Him, Here After (Ini Avan)

27 Jun

Asoka Handagama/Sri Lanka/2012/Tamil dialogue with English subtitles/104 min

Showing @Filmhouse Tue 26 June @21:00, @Filmhouse Fri 29 June @17:45

***
The legacy and social problems caused by the Sri Lankan civil war is the subject of Asoka Handagama’s Him, Here After, which has its UK premiere at the Edinburgh International Film Festival. The first film since the war ended in 2009 to discuss the lasting effects of the war on everyday Sri Lankans, this piece presents the challenges of trying to rebuild shattered lives after a prolonged and deadly war.
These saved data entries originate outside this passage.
(* For every integer $n\ge 3$ there exist a boolean classifier $\kappa:\{0,1\}^n\to\{0,1\}$ and a point $\mathbf v\in\{0,1\}^n$ such that, for the explanation problem with sample $(\mathbf v,\kappa(\mathbf v))$, some feature $i\in\mathcal F=\{1,\dots,n\}$ is irrelevant and $\mathrm{Sv}(i)\neq 0$ (issue I1).
   Context: Let $\mathcal F=\{1,\dots,n\}$. A boolean classifier is a non-constant function $\kappa:\{0,1\}^n\to\{0,1\}$; a sample is a pair $(\mathbf v,c)$ with $\mathbf v\in\{0,1\}^n$ and $c=\kappa(\mathbf v)$. For $\mathcal S\subseteq\mathcal F$ let $\Upsilon(\mathcal S;\mathbf v)=\{\mathbf x\in\{0,1\}^n : x_j=v_j \text{ for all } j\in\mathcal S\}$ and, for any function $g$ on $\{0,1\}^n$, $\mathbf E[g\mid \mathbf x_{\mathcal S}=\mathbf v_{\mathcal S}]=|\Upsilon(\mathcal S;\mathbf v)|^{-1}\sum_{\mathbf x\in\Upsilon(\mathcal S;\mathbf v)}g(\mathbf x)$ (uniform distribution, independent features). The characteristic function is $\upsilon(\mathcal S)=\mathbf E[\kappa\mid\mathbf x_{\mathcal S}=\mathbf v_{\mathcal S}]$, and the SHAP score of feature $i$ is $\mathrm{Sv}(i)=\sum_{\mathcal S\subseteq\mathcal F\setminus\{i\}}\frac{|\mathcal S|!\,(n-|\mathcal S|-1)!}{n!}\big(\upsilon(\mathcal S\cup\{i\})-\upsilon(\mathcal S)\big)$. The similarity predicate is $\sigma(\mathbf x)=1$ if $\kappa(\mathbf x)=\kappa(\mathbf v)$ and $0$ otherwise. A set $\mathcal S\subseteq\mathcal F$ is a weak abductive explanation (WAXp) if $\mathbf E[\sigma\mid\mathbf x_{\mathcal S}=\mathbf v_{\mathcal S}]=1$ (i.e. $\kappa(\mathbf x)=\kappa(\mathbf v)$ for all $\mathbf x\in\Upsilon(\mathcal S;\mathbf v)$); an abductive explanation (AXp) is a WAXp $\mathcal S$ such that $\mathcal S\setminus\{t\}$ is not a WAXp for every $t\in\mathcal S$. A feature is relevant if it belongs to at least one AXp, and irrelevant otherwise. *)

(* Features F = {1..n} are represented by 'I_n (0-indexed),
   points of {0,1}^n by finite functions {ffun 'I_n -> bool},
   numeric values (expectations, SHAP scores) live in rat. *)
From mathcomp Require Import all_boot all_order all_algebra.
Set Implicit Arguments. Unset Strict Implicit. Unset Printing Implicit Defensive.
Import Order.TTheory GRing.Theory Num.Theory.
Local Open Scope ring_scope.

Definition point (n : nat) := {ffun 'I_n -> bool}.

Definition non_constant n (kappa : point n -> bool) : Prop :=
  exists x y : point n, kappa x != kappa y.

Definition Upsilon n (S : {set 'I_n}) (v : point n) : {set point n} :=
  [set x : point n | [forall j in S, x j == v j]].

Definition cond_exp n (g : point n -> rat) (S : {set 'I_n}) (v : point n) : rat :=
  (#|Upsilon S v|%:R)^-1 * \sum_(x in Upsilon S v) g x.

Definition charfn n (kappa : point n -> bool) (v : point n) (S : {set 'I_n}) : rat :=
  cond_exp (fun x => (kappa x)%:R) S v.

Definition Sv n (kappa : point n -> bool) (v : point n) (i : 'I_n) : rat :=
  \sum_(S : {set 'I_n} | i \notin S)
     ((#|S|`! * (n - #|S| - 1)`!)%:R / (n`!)%:R) *
     (charfn kappa v (i |: S) - charfn kappa v S).

Definition sigma n (kappa : point n -> bool) (v : point n) (x : point n) : rat :=
  (kappa x == kappa v)%:R.

Definition WAXp n (kappa : point n -> bool) (v : point n) (S : {set 'I_n}) : Prop :=
  cond_exp (sigma kappa v) S v = 1.

Definition AXp n (kappa : point n -> bool) (v : point n) (S : {set 'I_n}) : Prop :=
  WAXp kappa v S /\ (forall t, t \in S -> ~ WAXp kappa v (S :\ t)).

Definition relevant n (kappa : point n -> bool) (v : point n) (i : 'I_n) : Prop :=
  exists S : {set 'I_n}, AXp kappa v S /\ i \in S.

Definition irrelevant n (kappa : point n -> bool) (v : point n) (i : 'I_n) : Prop :=
  ~ relevant kappa v i.

From mathcomp Require Import all_boot all_order all_algebra.
Set Implicit Arguments.
Unset Strict Implicit.
Unset Printing Implicit Defensive.
Import Order.TTheory GRing.Theory Num.Theory.
Local Open Scope ring_scope.

(* Take kappa(x) = x_1 /\ x_2 and v with v_1 = 1, v_2 = 0, so kappa(v) = 0.  Since
   kappa(x) = 1 forces x_1 = v_1, a point of Upsilon(S \ {1}; v) with
   kappa = 1 already lies in Upsilon(S; v): feature 1 can be dropped from any
   WAXp, hence lies in no AXp.  For the same reason fixing x_1 = v_1 keeps
   every point with kappa = 1 while discarding others, so every marginal
   contribution of feature 1 is nonnegative, and the one for S = {} is
   positive because kappa is not constant.  Hence Sv(1) > 0. *)

Lemma Upsilon_self n (S : {set 'I_n}) (v : point n) : v \in Upsilon S v.
Proof. by rewrite inE; apply/forall_inP. Qed.

Lemma card_Upsilon_gt0 n (S : {set 'I_n}) (v : point n) : (0 < #|Upsilon S v|)%N.
Proof. by apply/card_gt0P; exists v; apply: Upsilon_self. Qed.

Lemma UpsilonS n (S T : {set 'I_n}) (v : point n) :
  S \subset T -> Upsilon T v \subset Upsilon S v.
Proof.
move=> /subsetP sST; apply/subsetP => x; rewrite !inE => /forall_inP xT.
by apply/forall_inP => j /sST; apply: xT.
Qed.

Lemma Upsilon_setU1 n (S : {set 'I_n}) (v : point n) (i : 'I_n) (x : point n) :
  (x \in Upsilon (i |: S) v) = (x i == v i) && (x \in Upsilon S v).
Proof.
apply/idP/andP => [xU | [xvi xS]].
  split; last exact: (subsetP (UpsilonS v (subsetUr [set i] S))).
  by move: xU; rewrite inE => /forall_inP; apply; rewrite !inE eqxx.
rewrite inE; apply/forall_inP => j; rewrite !inE => /predU1P[-> // | jS].
by move: xS; rewrite inE => /forall_inP; apply.
Qed.

Lemma Upsilon_setU1_proper n (S : {set 'I_n}) (v : point n) (i : 'I_n) :
  i \notin S -> Upsilon (i |: S) v \proper Upsilon S v.
Proof.
move=> iS; rewrite properE UpsilonS ?subsetUr //=.
apply/subsetPn; exists [ffun j => if j == i then ~~ v i else v j].
  rewrite inE; apply/forall_inP => j jS; rewrite ffunE.
  by have /negPf-> : j != i by apply: contraNneq iS => <-.
by rewrite Upsilon_setU1 ffunE eqxx; case: (v i).
Qed.

Lemma cond_exp_bool n (b : point n -> bool) (S : {set 'I_n}) (v : point n) :
  cond_exp (fun x => (b x)%:R) S v =
  #|[set x in Upsilon S v | b x]|%:R / #|Upsilon S v|%:R.
Proof.
rewrite /cond_exp mulrC; congr (_ * _).
rewrite -sum1_card natr_sum big_mkcond [RHS]big_mkcond /=.
by apply: eq_bigr => x _; rewrite [in RHS]inE; case: (x \in _); case: (b x).
Qed.

Lemma WAXpP n (kappa : point n -> bool) (v : point n) (S : {set 'I_n}) :
  WAXp kappa v S <-> {in Upsilon S v, forall x, kappa x = kappa v}.
Proof.
rewrite /WAXp /sigma cond_exp_bool.
have U_neq0 : #|Upsilon S v|%:R != 0 :> rat by rewrite pnatr_eq0 -lt0n card_Upsilon_gt0.
split => [/divr1_eq/eqP | kappa_const].
  rewrite eqr_nat => /eqP card_eq x xU.
  have /eqP full : [set x in Upsilon S v | kappa x == kappa v] == Upsilon S v.
    by rewrite eqEcard card_eq leqnn andbT; apply/subsetP => y; rewrite inE => /andP[].
  by move: xU; rewrite -full inE => /andP[_ /eqP].
have -> : [set x in Upsilon S v | kappa x == kappa v] = Upsilon S v.
  by apply/setP => x; rewrite inE; case xU: (x \in _); rewrite //= kappa_const ?eqxx.
exact: divff.
Qed.

Lemma Sv_gt0 n (kappa : point n -> bool) (v : point n) (i : 'I_n) :
  (forall S : {set 'I_n}, i \notin S -> 0 <= charfn kappa v (i |: S) - charfn kappa v S) ->
  0 < charfn kappa v [set i] - charfn kappa v set0 ->
  0 < Sv kappa v i.
Proof.
move=> contrib_ge0 contrib0_gt0.
rewrite /Sv (bigD1 set0) ?in_set0 //= cards0 setU0.
apply: ltr_wpDr.
  by apply: sumr_ge0 => S /andP[iS _]; rewrite mulr_ge0 ?divr_ge0 ?contrib_ge0.
by rewrite mulr_gt0 // divr_gt0 // ltr0n ?muln_gt0 !fact_gt0.
Qed.

Section FeatureNecessaryForPositive.

Variables (n : nat) (kappa : point n -> bool) (v : point n) (i : 'I_n).
Hypothesis kappa_le_feature : forall x, kappa x -> x i.
Hypothesis v_feature : v i.
Hypothesis kappa_v : kappa v = false.

Lemma WAXp_setD1 S : WAXp kappa v S -> WAXp kappa v (S :\ i).
Proof.
move=> /WAXpP kappaS; apply/WAXpP => x xU; rewrite kappa_v; apply/negbTE/negP => kx.
have xS : x \in Upsilon S v.
  have sub : S \subset i |: (S :\ i).
    by apply/subsetP => j jS; rewrite !inE jS andbT orbN.
  apply: (subsetP (UpsilonS v sub)).
  by rewrite Upsilon_setU1 xU (kappa_le_feature kx) v_feature.
by move: (kappaS x xS); rewrite kx kappa_v.
Qed.

Lemma irrelevant_feature : irrelevant kappa v i.
Proof. by move=> [S [[/WAXp_setD1 WAXpSi minS] iS]]; apply: (minS i iS). Qed.

Lemma positive_points_setU1 S :
  [set x in Upsilon (i |: S) v | kappa x] = [set x in Upsilon S v | kappa x].
Proof.
apply/setP => x; rewrite ![x \in [set _ in _ | _]]inE Upsilon_setU1 v_feature.
by case kx: (kappa x); rewrite ?andbF // (kappa_le_feature kx).
Qed.

Lemma charfn_setU1E S :
  charfn kappa v (i |: S) =
  #|[set x in Upsilon S v | kappa x]|%:R / #|Upsilon (i |: S) v|%:R.
Proof. by rewrite /charfn cond_exp_bool positive_points_setU1. Qed.

Lemma charfn_contrib_ge0 S : 0 <= charfn kappa v (i |: S) - charfn kappa v S.
Proof.
rewrite charfn_setU1E /charfn cond_exp_bool subr_ge0 ler_wpM2l //.
rewrite lef_pV2 ?posrE ?ltr0n ?card_Upsilon_gt0 // ler_nat.
by rewrite subset_leq_card // UpsilonS // subsetUr.
Qed.

Lemma charfn_contrib0_gt0 :
  non_constant kappa -> 0 < charfn kappa v [set i] - charfn kappa v set0.
Proof.
move=> [x [y kxy]].
have pos_gt0 : (0 < #|[set x in Upsilon set0 v | kappa x]|)%N.
  apply/card_gt0P; exists (if kappa x then x else y).
  rewrite inE; apply/andP; split; first by rewrite inE; apply/forall_inP => j; rewrite inE.
  by case kx: (kappa x) kxy => /=; [rewrite kx | case: (kappa y)].
rewrite -[[set i]]setU0 charfn_setU1E /charfn cond_exp_bool subr_gt0 ltr_pM2l ?ltr0n //.
rewrite ltf_pV2 ?posrE ?ltr0n ?card_Upsilon_gt0 // ltr_nat.
by rewrite proper_card // Upsilon_setU1_proper ?in_set0.
Qed.

End FeatureNecessaryForPositive.

Local Close Scope ring_scope.

Theorem proposition1 : forall n : nat, 3 <= n ->
  exists (kappa : point n -> bool) (v : point n),
    non_constant kappa /\
    exists i : 'I_n, irrelevant kappa v i /\ Sv kappa v i <> 0%R.
Proof.
move=> n n_ge3.
pose i0 : 'I_n := Ordinal (leq_trans (isT : 0 < 3)%N n_ge3).
pose i1 : 'I_n := Ordinal (leq_trans (isT : 1 < 3)%N n_ge3).
pose kappa (x : point n) := x i0 && x i1.
pose v : point n := [ffun j => j != i1].
have kappa_le_i0 x : kappa x -> x i0 by case/andP.
have v_i0 : v i0 by rewrite ffunE.
have kappa_v : kappa v = false by rewrite /kappa !ffunE eqxx andbF.
have kappa_nc : non_constant kappa.
  by exists v, [ffun=> true]; rewrite kappa_v /kappa !ffunE.
exists kappa, v; split => //; exists i0; split.
  exact: (irrelevant_feature kappa_le_i0 v_i0 kappa_v).
apply/eqP; rewrite gt_eqF //; apply: Sv_gt0 => [S _|].
  exact: (charfn_contrib_ge0 (v := v) kappa_le_i0 v_i0).
exact: (charfn_contrib0_gt0 (v := v) kappa_le_i0 v_i0 kappa_nc).
Qed.
Lemma subv_divpow r a b : divpow M r a -> divpow M r b -> divpow M r (subv a b).
Proof.
  intros [La Fa] [Lb Fb]. rewrite Forall_forall in Fa, Fb.
  split; [rewrite length_subv; lia|]. apply Forall_forall. intros x Hx.
  apply (In_nth _ _ O0) in Hx. destruct Hx as [i [_ <-]]. rewrite nth_subv by lia.
  apply div_add; [|apply div_opp]; apply nth_default_P; auto using div_zero.
Qed.
Lemma addv_subv (a b : list M) : length a = length b -> addv M b (subv a b) = a.
Proof.
  intro Hl. apply (nth_ext _ _ O0 O0).
  - rewrite length_addv; rewrite ?length_subv; lia.
  - intros i _. rewrite nth_addv, nth_subv by (rewrite ?length_subv; lia).
    rewrite addCA, addN, add0. auto.
Qed.
Lemma subv_zero (a b : list M) : length a = length b ->
  (forall i, nth i (subv a b) O0 = O0) -> a = b.
Proof.
  intros Hl Z. apply (nth_ext _ _ O0 O0); auto. intros i _.
  apply subr_eq0. rewrite <- nth_subv; auto.
Qed.
Lemma addv_eq_self (c d : list M) : length c = length d -> addv M c d = c ->
  forall i, nth i d O0 = O0.
Proof.
  intros Hl E i. apply (add_cancel _ _ (nth i c O0)).
  rewrite add0l, addC, <- nth_addv, E; auto.
Qed.

Lemma lincomb_addv m (a b : list M) : length a = length b ->
  lincomb M m (addv M a b) = lincomb M m a ⊕ lincomb M m b.
Proof.
  revert m b; induction a as [|x a IHa]; intros m b Hl; destruct b as [|y b];
    simpl in Hl; try discriminate.
  - destruct m; simpl; rewrite add0; auto.
  - change (addv M (x :: a) (y :: b)) with ((x ⊕ y) :: addv M a b).
    destruct m as [|z m]; simpl.
    + rewrite add0; auto.
    + rewrite zmulDr, IHa by lia. apply addACA.
Qed.
Lemma lincomb_zero m (l : list M) : (forall z, In z m -> z = 0%Z) -> lincomb M m l = O0.
Proof.
  revert l; induction m; intros l H; destruct l; simpl; auto.
  rewrite (H a), zmul0, add0l by (simpl; auto). apply IHm. intros; apply H; simpl; auto.
Qed.

Lemma lincomb_seq_add (l : list M) k (g h : nat -> Z) :
  lincomb M (map (fun i => (g i + h i)%Z) (seq k (length l))) l =
  lincomb M (map g (seq k (length l))) l ⊕ lincomb M (map h (seq k (length l))) l.
Proof. revert k; induction l; intro k; simpl. - rewrite add0; auto. - rewrite zmulDl, IHl. apply addACA. Qed.
Lemma lincomb_seq_single (l : list M) k j z :
  lincomb M (map (fun i => if Nat.eqb j i then z else 0%Z) (seq k (length l))) l =
  if Nat.leb k j then zmul M z (nth (j - k) l O0) else O0.
Proof.
  revert k; induction l; intro k; simpl.
  - destruct (Nat.leb k j); auto. destruct (j - k)%nat; symmetry; apply zmul_r0.
  - rewrite IHl. destruct (Nat.eqb j k) eqn:E.
    + apply Nat.eqb_eq in E; subst. rewrite Nat.leb_refl, Nat.sub_diag.
      replace (Nat.leb (S k) k) with false by (symmetry; apply Nat.leb_gt; lia).
      rewrite add0; auto.
    + apply Nat.eqb_neq in E. rewrite zmul0, add0l.
      destruct (Nat.leb (S k) j) eqn:E1.
      * apply Nat.leb_le in E1.
        replace (Nat.leb k j) with true by (symmetry; apply Nat.leb_le; lia).
        replace (j - k)%nat with (S (j - S k)) by lia. auto.
      * apply Nat.leb_gt in E1.
        replace (Nat.leb k j) with false by (symmetry; apply Nat.leb_gt; lia). auto.
Qed.
Lemma lin_vec (l : list M) L :
  lin L (env_of M l) = lincomb M (map (fun i => coefv i L) (seq 0 (length l))) l.
Proof.
  induction L as [|[j z] L IH]; simpl.
  - symmetry. apply lincomb_zero. intros z Hz. apply in_map_iff in Hz.
    destruct Hz as [? [? _]]; auto.
  - rewrite IH, (map_ext (fun i => if Nat.eqb j i then (z + coefv i L)%Z else coefv i L)
       (fun i => ((if Nat.eqb j i then z else 0%Z) + coefv i L)%Z))
      by (intro i; destruct (Nat.eqb j i); auto).
    rewrite lincomb_seq_add, lincomb_seq_single. simpl. rewrite Nat.sub_0_r. auto.
Qed.

Lemma translate_realizes p c d :
  length d = length c -> (forall x, In x d -> divisibleM M x) ->
  Sigma M c (sumabs d) -> realizes M p c -> realizes M p (addv M c d).
Proof.
  intros Hl Dd Sc Rc phi Hphi.
  set (Hs := bounded_by (Bof (sumabs d))).
  assert (Ed : forall i, shift (env_of M c) (env_of M (addv M c d)) i = env_of M d i).
  { intro i. unfold shift, env_of. rewrite nth_addv by lia.
    rewrite (addC (nth i c O0)), addKr. auto. }
  assert (R : Rel Hs (env_of M c) (env_of M (addv M c d))).
  { split; [|split].
    - intro i. rewrite Ed. unfold env_of. apply nth_default_P; auto using div_zero.
    - intro i. rewrite Ed. unfold env_of. apply nth_default_P; [apply sumabs_bounded | apply bounded_by_0].
    - intro L. rewrite (lin_ext L _ _ Ed), !lin_vec, Hl.
      set (m := map (fun i => coefv i L) (seq 0 (length c))).
      destruct (classic (exists z, In z m /\ z <> 0%Z)) as [Hz|Hz].
      + right. apply (proj1 (Sigma_iff c _) Sc); auto.
        unfold m. rewrite length_map, length_seq; auto.
      + left. apply lincomb_zero. intros z Hzm. apply NNPP. intro. apply Hz; eauto. }
  apply (Rel_sat Hs (bounded_by_0 _) (bounded_by_add _) (bounded_by_opp _)
           (bounded_by_conv _) phi _ _ R), Rc; auto.
Qed.

Lemma translate_Sigma c d b : length d = length c ->
  Sigma M c (Bof b ⊕ Bof (sumabs d)) -> Sigma M c b /\ Sigma M (addv M c d) b.
Proof.
  intros Hl Sc. rewrite Sigma_iff in Sc.
  set (B := Bof (Bof b ⊕ Bof (sumabs d))) in Sc.
  assert (Hb : forall z, bounded_by (Bof b) z -> bounded_by B z)
    by (intro z; apply bounded_by_mono, Bof_sum_l).
  split; apply Sigma_iff; intros m Hm Hz Q.
  - apply (Sc m Hm Hz), Hb, Q.
  - rewrite length_addv in Hm by lia. apply (Sc m Hm Hz).
    rewrite lincomb_addv in Q by lia.
    apply (H_sub _ (bounded_by_add B) (bounded_by_opp B) _ (lincomb M m d)); [apply Hb, Q|].
    apply (bounded_by_mono (Bof (sumabs d))); [apply Bof_sum_r|].
    apply bounded_by_lincomb. intros x Hx. apply sumabs_bounded; auto.
Qed.

Lemma eval_tmulS env k t : eval M env (tmulS k t) = nmul M (S k) (eval M env t).
Proof. induction k; simpl. - rewrite add0l; auto. - simpl in IHk. rewrite IHk. auto. Qed.

Lemma realize_divpow (HT : models_ThZ M) r p c :
  entails_divpow r p -> realizes M p c -> length c = r -> divpow M r c.
Proof.
  intros Hd Hr Hl. split; auto. apply Forall_forall. intros x Hx.
  apply (In_nth _ _ O0) in Hx. destruct Hx as [i [Hi <-]].
  intros k Hk. destruct k as [|k]; [lia|].
  destruct (Hd i k ltac:(lia) M HT (env_of M c) Hr) as [y Q].
  exists y. rewrite eval_tmulS in Q. simpl in Q. unfold upd in Q.
  rewrite Nat.eqb_refl in Q.
  replace (Nat.eqb i (S i)) with false in Q by (symmetry; apply Nat.eqb_neq; lia).
  exact Q.
Qed.

Lemma injective_of_generic_fibre (HT : models_ThZ M) r n G mul f :
  definable_group M n G mul ->
  tdef_morphism M r n G mul f ->
  (exists (t : list M) (p : form -> Prop),
      inX M r p /\ entails_divpow r p /\
      (forall a a', length a = r -> realizes M p a -> Sigma_t M a t ->
                    length a' = r -> realizes M p a' -> Sigma_t M a' t ->
                    f a = f a' -> a = a')) ->
  forall a a', divpow M r a -> divpow M r a' -> f a = f a' -> a = a'.
Proof.
  intros [_ [_ [_ [Gassoc [e [Ge [Eid Einv]]]]]]] [Fg [Fadd _]]
    [t [p [[_ HX] [Hdiv Hinj]]]] a a' Da Da' Hf.
  assert (Lr : length a = length a') by (destruct Da, Da'; lia).
  set (d := subv a a').
  assert (Dd : divpow M r d) by (apply subv_divpow; auto).
  assert (Ld : length d = r) by apply Dd.
  assert (Hfd : f d = e).
  { apply (group_right_unit G mul e (f a') (f d)); auto.
    - intros x Gx. apply Eid; auto.
    - intros x Gx. destruct (Einv x Gx) as [x' [? [_ ?]]]. eauto.
    - rewrite <- Fadd by auto. unfold d. rewrite addv_subv; auto. }
  destruct (HX (sumabs d :: map (fun b => Bof b ⊕ Bof (sumabs d)) t)) as [c [Lc [Rc Sc]]].
  assert (Sc_t : forall b, In b t -> Sigma M c b /\ Sigma M (addv M c d) b).
  { intros b Hb. apply translate_Sigma; [lia|]. apply Sc. right. apply in_map_iff. eauto. }
  assert (Rc' : realizes M p (addv M c d)).
  { apply translate_realizes; auto; [lia | apply Forall_forall, Dd | apply Sc; left; auto]. }
  assert (Dc : divpow M r c) by (apply (realize_divpow HT r p); auto).
  assert (Fc : f (addv M c d) = f c) by (rewrite Fadd, Hfd; auto; apply Eid, Fg; auto).
  assert (Ecd : addv M c d = c).
  { apply Hinj; auto; try (intros b Hb; apply Sc_t; auto). rewrite length_addv; lia. }
  apply subv_zero; auto. apply (addv_eq_self c d); [lia | exact Ecd].
Qed.
Definition EVaR d (T : measurableType d) (R : realType)
  (P : probability T R) (Z : T -> R) (alpha : R) : R :=
  inf [set z^-1 * ln (Rintegral P setT (fun w => expR (z * Z w)) / alpha)
      | z in `]0, +oo[%classic].

Definition Lfun (R : realType) (alpha x mu t : R) : R :=
  t * (mu + expR (x / t - mu - ln alpha - 1)).

(* zeta*_N(mu,t) = max_{k} L(-r_k, mu, t) (the sup of a finite nonempty set
   is its maximum; for N = 0 the value is irrelevant). *)
Definition zetaN (R : realType) (N : nat) (alpha : R) (r : 'I_N -> R)
  (mu t : R) : R :=
  sup [set Lfun alpha (- r k) mu t | k in [set: 'I_N]].

Definition rstarE (R : realType) (N : nat) (alpha eps a : R) (r : 'I_N -> R)
  : R :=
  inf [set y | exists mu t, 0 < t /\
        y = zetaN alpha r mu t * (1 - eps) + Lfun alpha a mu t * eps].

(* For every t > 0 the entropic value at risk satisfies
   EVaR_alpha(Z) <= t ln (E[e^(Z/t)] / alpha), and the tangent-line bound
   ln y <= mu + y e^(-mu-1) turns the right-hand side into
   t (mu + E[e^(Z/t - mu - ln alpha - 1)]), the expectation of L(Z, mu, t).
   Let s be an eps-quantile of R: P(R < s) <= eps and P(R > s) <= 1 - eps.
   Since -R <= a almost surely, e^(-R/t) is at most e^(a/t) on {R < s} and at
   most e^(-s/t) elsewhere, hence EVaR_alpha(-R) <= psi(s), where psi(s) is the
   infimum over mu and t > 0 of L(-s, mu, t)(1 - eps) + L(a, mu, t) eps.
   As L is increasing in its first argument, zeta*_N = L(-min_k r_k) and
   r*_E = psi(min_k r_k), with psi nonincreasing; so r*_E >= EVaR_alpha(-R) as
   soon as one sample is at most s.  By independence, all N samples exceed s
   with probability P(R > s)^N <= (1 - eps)^N <= 1 - gamma. *)

From Pilot Require Import Defs.
From HB Require Import structures.
From mathcomp Require Import all_boot all_order all_algebra.
From mathcomp Require Import all_classical all_reals all_analysis.
From mathcomp Require Import measurable_realfun.
From mathcomp Require Import ring lra.

Set Implicit Arguments.
Unset Strict Implicit.
Unset Printing Implicit Defensive.
Import Order.TTheory GRing.Theory Num.Theory.
Local Open Scope classical_set_scope.
Local Open Scope ring_scope.

Lemma ln_le_tangent (R : realType) (y c : R) :
  0 < y -> ln y <= c + y * expR (- c - 1).
Proof.
move=> y0; have := expR_ge1Dx (ln y - c - 1).
have -> : ln y - c - 1 = ln y + (- c - 1) by ring.
rewrite expRD lnK ?posrE//; lra.
Qed.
When a former Tamil rebel fighter (Dharshan Dharmaraj) returns to his village following the end of the war, and after a year of ‘rehabilitation’, he finds that his former neighbours both fear and despise him. But as he attempts to create a new life, the ghosts and actions of his past continue to haunt him, and he soon takes a job that could not only threaten his own life but the lives of those closest to him. The UK premiere of Handagama’s film, which is one of only a handful of films made in the Tamil language directed by a Sinhalese director, is a hard-hitting portrayal of country struggling to rebuild and create an identity following a 26-year long war. While issues of betrayal and death are apparent throughout Him, Here After, this is a film that’s primarily focused on forgiveness, inner strength, and repairing both the country’s and that of its inhabitants’ fractured psyches. Compelling, absorbing, but most importantly, eye-opening, this film sheds new light on contemporary attitudes towards war and conflict, and most importantly resolution. While the civil war is over, the fight that the characters in Him, Here After fight every day is one against ignorance, one for forgiveness, and above all, a desperate battle to survive. Moving, uplifting and absorbing, if a little long, Handagama’s latest film is a compassionate and thoughtful representation of the very human costs of war, where casualties continue to mount up long after the physical battle has stopped.